The February 20th Protest Movement, named after the date of its first 2011 nationwide protests, has weakened temporarily during the Regime’s attempts to make-up democratize Morocco through the on-paper-only constitutional reforms and “Vote yes” then “Vote” campaigns, while the Ministry of Interior (the Palace’s most powerful tool and the decisive institution when it comes to delivering Morocco’s election results) remained in control. Now that the make-up powder is wearing off, the Makhzen is running out of events to “pretend” things are changing, and unable to actually change its controlling totalitarian ways. As a result, The movement is revitalized, oddly invigorated by more repression, arrests and torture from the authorities who are too eager to take revenge on activists, blind to what that will cost them and how that speeds up the Makhzen’s utter failure.
The Makhzen is facing a giant mirror and panicking at the reflection: its unwillingness and inability to decrease its giant prerogatives after the system has worked so hard to create and pull the most ruthless and greedy to form and become its pillars. This giant system that runs on corruption and has promoted opportunism within it for too long was not built to transition nor evolve into a democracy. Its propaganda machine was told to say so, but Moroccans will be finding the opposite, the hard way too, as each pillar resists change in appalling ways such as the torture described above.

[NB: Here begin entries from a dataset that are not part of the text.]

Lemma strongly_separable_morita : V_fgp iota -> strongly_separable iota'.
Proof.
move=> VP; split; first exact: V_fgp_morita.
exists T', laT', raT', tau'; split.
- exact: (tensor_bimod tau'T).
- exact: tau'T.
- by move=> x a b; rewrite /laT' (tensor_lactE tau'T).
- by move=> a b y; rewrite /raT' (tensor_ractE tau'T).
exists mu', s'; split.
- by move=> t t' v; rewrite mu'D.
- by move=> x y v; apply: mu'E.
- exact: s'D.
- move=> x y f fH; have fyH := isHomVA_mulr y fH.
  rewrite -s'_ract // -s'_lact //; congr s'.
  by apply: functional_extensionality => v; rewrite mulrA.
- exact: mu'_s'.
Qed.

End Splitting.
End MoritaTransfer.

Theorem theorem3p4 (A B A' B' : pzRingType)
    (iota : {rmorphism B -> A}) (iota' : {rmorphism B' -> A'}) :
  injective iota -> injective iota' ->
  strongly_separable iota -> morita_equiv iota iota' ->
  strongly_separable iota'.
Proof.
move=> _ _ [VP [T [laT [raT [tau [bimT tauT tauL tauR [mu [s [muD muE sD sM muK]]]]]]]]].
case=> M [laM [raM [N [laN [raN [[bimM Mdiv _ endM raM_inj] [bimN _ Ndiv endN _]]]]]]].
case=> phi [phiT phiL phiR].
have [nM [fM [eM [fM_lhom M_decomp]]]] := ldivides_dual_basis Mdiv.
have [lmodN _ _] := bimN.
have [kN [nu [gN [nu_lhom sum_nu]]]] := ldivides_reg_trace_one lmodN Ndiv.
exact: (strongly_separable_morita bimM bimN endM raM_inj endN fM_lhom M_decomp nu_lhom
  sum_nu phiT phiL phiR bimT tauT tauL tauR muD muE sD sM muK VP).
Qed.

Morocco is scheduled to host the “Friends of Syria” meeting in October to support the opposition to Bashar’s Regime. I wouldn’t be surprised if Bashar Al Assad decides to hold a “Friends of Morocco” meeting just for kicks. But I guess he’s too busy killing Syrians and Moroccan officials are too busy preparing for a meeting to help save Syrians from torture similar to what happens to political detainees in Moroccan prison cells. Happy Arab Spring everyone! Cheers!